JOHN MARKOFF, THE NEW YORK TIMES , SAN JOSE, CALIFÓRNIA, O Estado de S.Paulo

29 de junho de 2012 | 03h08

Gravada na base do novo media player doméstico sem fio do Google, lançado na quarta-feira, está sua característica mais interessante. Em baixo do Nexus Q há uma simples inscrição: "Projetado e fabricado nos EUA".

Os executivos e engenheiros do Google decidiram fazer uma experiência com a indústria americana e construir o aparelho no país. "Estivemos ausentes por muito tempo e então decidimos: 'Por que não tentamos para ver o que acontece?'", disse Andy Rubin, executivo do Google que dirige a divisão do sistema operacional Android da companhia.

O Google não fala muito sobre sua produção americana, e se recusa a revelar até mesmo onde se localiza a fábrica no Vale do Silício. E nem fala muito dos fornecedores de muitas de suas peças nos Estados Unidos.

Rubin disse que a companhia não está envolvida numa cruzada. Entretanto, o projeto será acompanhado atentamente por outras companhias do setor eletrônico. Todas chegaram à conclusão de que os produtos de eletrônica de consumo não podem mais ser fabricados nos EUA. Na última década, a abundante e barata mão de obra e as normas ambientais mais brandas na China praticamente acabaram com o que era anteriormente um vibrante setor da indústria americana.

Desde a década de 90, companhias americanas, entre elas Hewlett-Packard (HP), Dell e Apple, tornaram-se meros centros de design e marketing, e passaram a contratar fabricantes em Shenzhen e em outras cidades da China.

Agora, se começa a ver provavelmente os sinais de uma inversão dessa tendência.

Por enquanto, o processo ainda é lento, mas várias companhias americanas voltaram a fabricar seus produtos nos Estados Unidos. Muitas delas são pequenas, como a ET Water Systems. Entretanto, tem havido movimentações bastante visíveis das maiores fabricantes de produtos industriais e de consumo. No ano passado, General Electric e Caterpillar, por exemplo, trouxeram de volta as suas operações de montagem para os EUA. (A companhia europeia Airbus poderá concluir em breve um acordo para a construção de jatos no Alabama.)

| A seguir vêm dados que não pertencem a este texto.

Lemma dface_rot g k y : dface g = k -> g (r y) = g y (+) k y.
Proof. by move=> <-; rewrite ffunE; case: (g y); case: (g (r y)). Qed.

(* As [dedge onef = zerof], the regions are checkerboard colourable. *)
Lemma region_rot_neq y : region y != region (r y).
Proof.
have onef_cycle : dedge onef = zerof by apply/ffunP=> z; rewrite !ffunE.
have [chi chi_inv dchi] := dedge_eq0_dface y (onef_inv opp) onef_cycle.
apply/negP=> /eqP e; have : r y \in region y by rewrite e porbit_id.
by move=> /(inv_funs_porbit chi_inv); rewrite (dface_rot y dchi) ffunE; case: (chi y).
Qed.

Lemma touches_region x d : touches (region x) (porbit rot d) =
  (region x \in [:: region d; region (r d); region (r (r d)); region (r (r (r d)))]).
Proof.
apply/existsP/idP.
  move=> [y /andP[y_x]]; rewrite mem_crossing => y_d.
  have <- : region y = region x by apply/eqP; rewrite eq_porbit_mem.
  by rewrite !inE; move: y_d; rewrite !inE => /or4P[]/eqP ->; rewrite eqxx ?orbT.
rewrite !inE => /or4P[]/eqP e;
  [exists d | exists (r d) | exists (r (r d)) | exists (r (r (r d)))];
  by rewrite e porbit_id mem_crossing !inE eqxx ?orbT.
Qed.

Definition rcc_effect (S : {set {set dart}}) : {ffun dart -> bool} :=
  [ffun d => odd #|[set R in S | touches R (crossing_of rot d)]|].

Definition realizable (v : {ffun dart -> bool}) :=
  exists2 S : {set {set dart}}, S \subset regions rot opp & rcc_effect S = v.

Lemma rcc_effect_sdiff (S T : {set {set dart}}) :
  rcc_effect (sdiff S T) = addf (rcc_effect S) (rcc_effect T).
Proof. by apply/ffunP=> d; rewrite !ffunE sdiff_sep odd_sdiff. Qed.

Lemma rcc_effect0 : rcc_effect set0 = zerof.
Proof.
apply/ffunP=> d; rewrite !ffunE.
by rewrite (_ : [set R in set0 | _] = set0) ?cards0 //; apply/setP=> R; rewrite !inE.
Qed.

Lemma realizable0 : realizable zerof.
Proof. by exists set0; rewrite ?sub0set ?rcc_effect0. Qed.

Lemma realizable_add v w : realizable v -> realizable w -> realizable (addf v w).
Proof.
move=> [S S_sub <-] [T T_sub <-]; exists (sdiff S T); last exact: rcc_effect_sdiff.
exact: sdiff_sub.
Qed.

Lemma realizable_inv_rot h : h \in inv_funs rot ->
  (forall x, h x -> realizable (crossing x)) -> realizable h.
Proof.
move: h; apply: inv_funs_ind => [_|h x h_inv hx IH realizable_h]; first exact: realizable0.
rewrite -(addfK h (crossing x)); apply: realizable_add (realizable_h x hx).
apply: IH => y; rewrite !ffunE; case y_x: (y \in porbit rot x).
  by rewrite (inv_funs_porbit h_inv y_x) hx.
by rewrite addbF; exact: realizable_h.
Qed.

Definition regions_of g := [set R in porbits face | [exists y in R, g y]].

(* Correction for opposite corners of a crossing lying in the same region,
   which is then counted once instead of twice. *)
Definition defect g d :=
  ((region d == region (r (r d))) && g d) (+) ((region (r d) == region (r (r (r d)))) && g (r d)).

Definition defectf g : {ffun dart -> bool} := [ffun d => defect g d].

Definition nugatory d :=
  (region d == region (r (r d))) || (region (r d) == region (r (r (r d)))).

Lemma mem_regions_of g y : g \in inv_funs face -> (region y \in regions_of g) = g y.
Proof.
move=> g_inv; rewrite inE imset_f //=; apply/existsP/idP.
  by move=> [z /andP[z_y gz]]; rewrite -(inv_funs_porbit g_inv z_y).
by move=> gy; exists y; rewrite porbit_id.
Qed.

Lemma rcc_effect_regions_of g : g \in inv_funs face ->
  rcc_effect (regions_of g) = addf [ffun d => dface g d (+) dface g (r (r d))] (defectf g).
Proof.
move=> g_inv; apply/ffunP=> d; rewrite !ffunE.
have -> : [set R in regions_of g | touches R (crossing_of rot d)] =
    [set R | (R \in [:: region d; region (r d); region (r (r d)); region (r (r (r d)))]) &&
             (R \in regions_of g)].
  apply/setP=> R; rewrite !inE andbC; case R_face: (R \in porbits face); rewrite ?andbF //=.
  by move: R_face => /imsetP[x _ ->]; rewrite /crossing_of touches_region !inE.
rewrite odd_card_mem4 ?region_rot_neq //; last first.
  by have := region_rot_neq (r (r (r d))); rewrite rot4K eq_sym.
rewrite !mem_regions_of // /defect.
by rewrite !addbA.
Qed.

Lemma defect_rot g d : g \in inv_funs face -> defect g (r d) = defect g d.
Proof.
move=> g_inv; rewrite /defect rot4K addbC eq_sym; congr addb.
by case: eqP => //= e; apply: (inv_funs_porbit g_inv); rewrite e porbit_id.
Qed.

Lemma defectf_inv g : g \in inv_funs face -> defectf g \in inv_funs rot.
Proof. by move=> g_inv; rewrite inE; apply/forallP=> d; rewrite !ffunE defect_rot. Qed.

Lemma defect_crossing g d y : g \in inv_funs face -> y \in porbit rot d -> defect g y = defect g d.
Proof. by move=> g_inv y_d; have := inv_funs_porbit (defectf_inv g_inv) y_d; rewrite !ffunE. Qed.

Lemma nugatory_crossing d y : y \in porbit rot d -> nugatory y = nugatory d.
Proof.
have nug_inv : [ffun x => nugatory x] \in inv_funs rot.
  rewrite inE; apply/forallP=> x; rewrite !ffunE /nugatory rot4K.
  by rewrite (eq_sym (region (r (r x)))) orbC.
by move=> y_d; have := inv_funs_porbit nug_inv y_d; rewrite !ffunE.
Qed.

Lemma defect_nugatory g d : defect g d -> nugatory d.
Proof. by rewrite /defect /nugatory; case: (region d == _); case: (region (r d) == _). Qed.

(* Where [dface g] separates the corners of [x] along one strand only, [g]
   takes different values at opposite corners. *)
Lemma one_strand_not_nugatory g k x : g \in inv_funs face -> dface g = k ->
  k x = k (r (r x)) -> k (r x) = k (r (r (r x))) -> k x != k (r x) -> ~~ nugatory x.
Proof.
move=> g_inv dg kx kx1 k_neq; rewrite /nugatory negb_or; apply/andP; split.
  apply/negP=> /eqP e; have : g (r (r x)) = g x.
    by apply: (inv_funs_porbit g_inv); rewrite e porbit_id.
  rewrite (dface_rot (r x) dg) (dface_rot x dg).
  by move: k_neq; case: (k x); case: (k (r x)); case: (g x).
apply/negP=> /eqP e; have : g (r (r (r x))) = g (r x).
  by apply: (inv_funs_porbit g_inv); rewrite e porbit_id.
rewrite (dface_rot (r (r x)) dg) (dface_rot (r x) dg) -kx.
by move: k_neq; case: (k x); case: (k (r x)); case: (g (r x)).
Qed.

(** * The traversal of the knot *)

Hypothesis one_component : #|porbits (rot ^+ 2 * opp)| = 2.

Local Notation walk := (rot ^+ 2 * opp)%g.

Lemma walkE x : walk x = opp (r (r x)).
Proof. by rewrite permM permX. Qed.

Lemma rot2_neq d : r (r d) != d.
Proof. by apply/eqP=> e; move: (crossing_uniq d); rewrite e /= !inE eqxx !orbT. Qed.

Lemma walk_rev y : walk (r (r (walk y))) = r (r y).
Proof. by rewrite !walkE rot4K oppK. Qed.
Theorem theorem2 (K : finFieldType) (p n g : nat) (a al : K)
  (hp : prime p) (hp2 : (2 < p)%N) (hchar : p \in [pchar K])
  (hq : #|K| = (p ^ n)%N) (hg : (2 <= g)%N) (hgp : coprime g p)
  (hal : al != 0) (hsep : separable_poly (hyp_poly g a al)) :
  (* g odd: over F_q, with beta^(g+1) = alpha^((g+1)/2) *)
  (odd g ->
   forall (L : fieldType) (iota : {rmorphism K -> L}) (x y : L),
   is_func_field iota (hyp_poly g a al) x y predT ->
   (exists s : {rmorphism L -> L}, fixesK iota s /\ s x = iota al / x /\
        s y = y * iota (al ^+ (g.+1)./2) / x ^+ g.+1) /\
   (forall s w : {rmorphism L -> L},
      fixesK iota s -> s x = iota al / x -> s y = y * iota (al ^+ (g.+1)./2) / x ^+ g.+1 ->
      fixesK iota w -> w x = x -> w y = - y ->
      [/\ (forall z, s (s z) = z), (exists z, s z != w z),
          (exists u v, is_func_field iota (dickson g al + a%:P) u v
                                     (fun z => s z == z)) &
          (exists u v, is_func_field iota (('X^2 - (4 * al)%:P) * (dickson g al + a%:P)) u v
                                     (fun z => w (s z) == z))]))
  /\
  (* g even: over F_q(beta) -- here K is any finite field containing beta *)
  (~~ odd g -> forall beta : K, beta ^+ 2 = al ->
   forall (L : fieldType) (iota : {rmorphism K -> L}) (x y : L),
   is_func_field iota (hyp_poly g a al) x y predT ->
   (exists s : {rmorphism L -> L}, fixesK iota s /\ s x = iota al / x /\
        s y = y * iota (beta ^+ g.+1) / x ^+ g.+1) /\
   (forall s w : {rmorphism L -> L},
      fixesK iota s -> s x = iota al / x -> s y = y * iota (beta ^+ g.+1) / x ^+ g.+1 ->
      fixesK iota w -> w x = x -> w y = - y ->
      [/\ (forall z, s (s z) = z), (exists z, s z != w z),
          (exists u v, is_func_field iota (('X + (2 * beta)%:P) * (dickson g al + a%:P)) u v
                                     (fun z => s z == z)) &
          (exists u v, is_func_field iota (('X - (2 * beta)%:P) * (dickson g al + a%:P)) u v
                                     (fun z => w (s z) == z))])).
Proof.
have hg0 : (0 < g)%N by lia.
have n2 : (2%:R : K) != 0.
  by rewrite -(dvdn_pcharf hchar); apply/negP => /(dvdn_leq (isT : (0 < 2)%N)); lia.
split=> [og | eg beta hb] L iota x y hf.
- have [j ej] : exists j, g = (j + j).+1.
    by exists g./2; rewrite -{1}(odd_double_half g) og -addnn add1n.
  have -> : (g.+1)./2 = j.+1 by rewrite ej (_ : (j + j).+2 = j.+1.*2)%N ?doubleK //; lia.
  have hc : (al ^+ j.+1) ^+ 2 = al ^+ g.+1 by rewrite -exprM ej; congr (_ ^+ _); lia.
  split; first exact: conj_aut_exists hg0 hal n2 hc hf.
  move=> s w hs hsx hsy hw hwx hwy.
  have [q1 q2] := odd_genus_quotients hg0 hal n2 hf hs hsx hsy hw hwx hwy ej erefl.
  split.
  - by move=> z; have -> := conj_invol hal hc hf hs hsx hsy z.
  - by have [z] := conj_neq_hyperelliptic hf hsx hwx; exists z.
  - exact: q1.
  - exact: q2.
- have [m em] : exists m, g = (m + m)%N.
    by exists g./2; rewrite -{1}(odd_double_half g) (negbTE eg) -addnn add0n.
  have hc : (beta ^+ g.+1) ^+ 2 = al ^+ g.+1 by rewrite -hb -!exprM mulnC.
  split; first exact: conj_aut_exists hg0 hal n2 hc hf.
  move=> s w hs hsx hsy hw hwx hwy.
  have [q1 q2] := even_genus_quotients hg0 hal n2 hf hs hsx hsy hw hwx hwy em hb erefl.
  split.
  - by move=> z; have -> := conj_invol hal hc hf hs hsx hsy z.
  - by have [z] := conj_neq_hyperelliptic hf hsx hwx; exists z.
  - exact: q1.
  - exact: q2.
Qed.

Causas. Não há apenas uma razão para esta mudança. O aumento dos custos da mão de obra e da energia tornaram a fabricação de produtos na China bem mais cara; os custos dos transportes subiram; as companhias estão cada vez mais conscientes dos riscos de roubo da propriedade intelectual quando os produtos são fabricados na China; e, num setor em que o tempo que o produto leva para ser comercializado constitui uma vantagem competitiva, é mais fácil para os engenheiros dirigir por 10 minutos numa rodovia até a fábrica, do que embarcar numa viagem de 16 horas.

Isto é válido para a empresa californiana ET Water Systems. "Você precisa de uma colaboração em tempo real", disse Par McIntyre, diretor executivo da fabricante de sistemas de gestão de irrigação, que recentemente transferiu sua fábrica de Dalian, na China, para o Vale do Silício. "Francamente, preferimos trabalhar aqui, porque mandar um dos nossos funcionários para a China por duas semanas de cada vez é complicado".

Harold L. Sirkin, um diretor gerente do Boston Consulting Group, disse: "Com o custo da mão de obra a US$ 0,58 a hora, trazer a fábrica de volta era impossível, mas a US$ 3 a US$ 6 a hora, como estão atualmente os salários nas cidades costeiras da China, de repente as coisas mudaram de figura". A empresa informou em abril que um terço das companhias americanas com faturamento superior a US$ 1 bilhão estudava a possibilidade de trazer de volta as fábricas para os EUA. O Boston Consulting previu que a decisão poderá representar a criação de 2 a 3 milhões de empregos no país.

"As empresas que hoje investem em tecnologia nos EUA estão mais hábeis e ágeis", disse Drew Greenblatt, dono da Marlin Steel Wire Products, em Baltimore, que continua a fabricar seu produto nos EUA utilizando tecnologias de automação. "As peças são fabricadas mais rapidamente e a qualidade é melhor."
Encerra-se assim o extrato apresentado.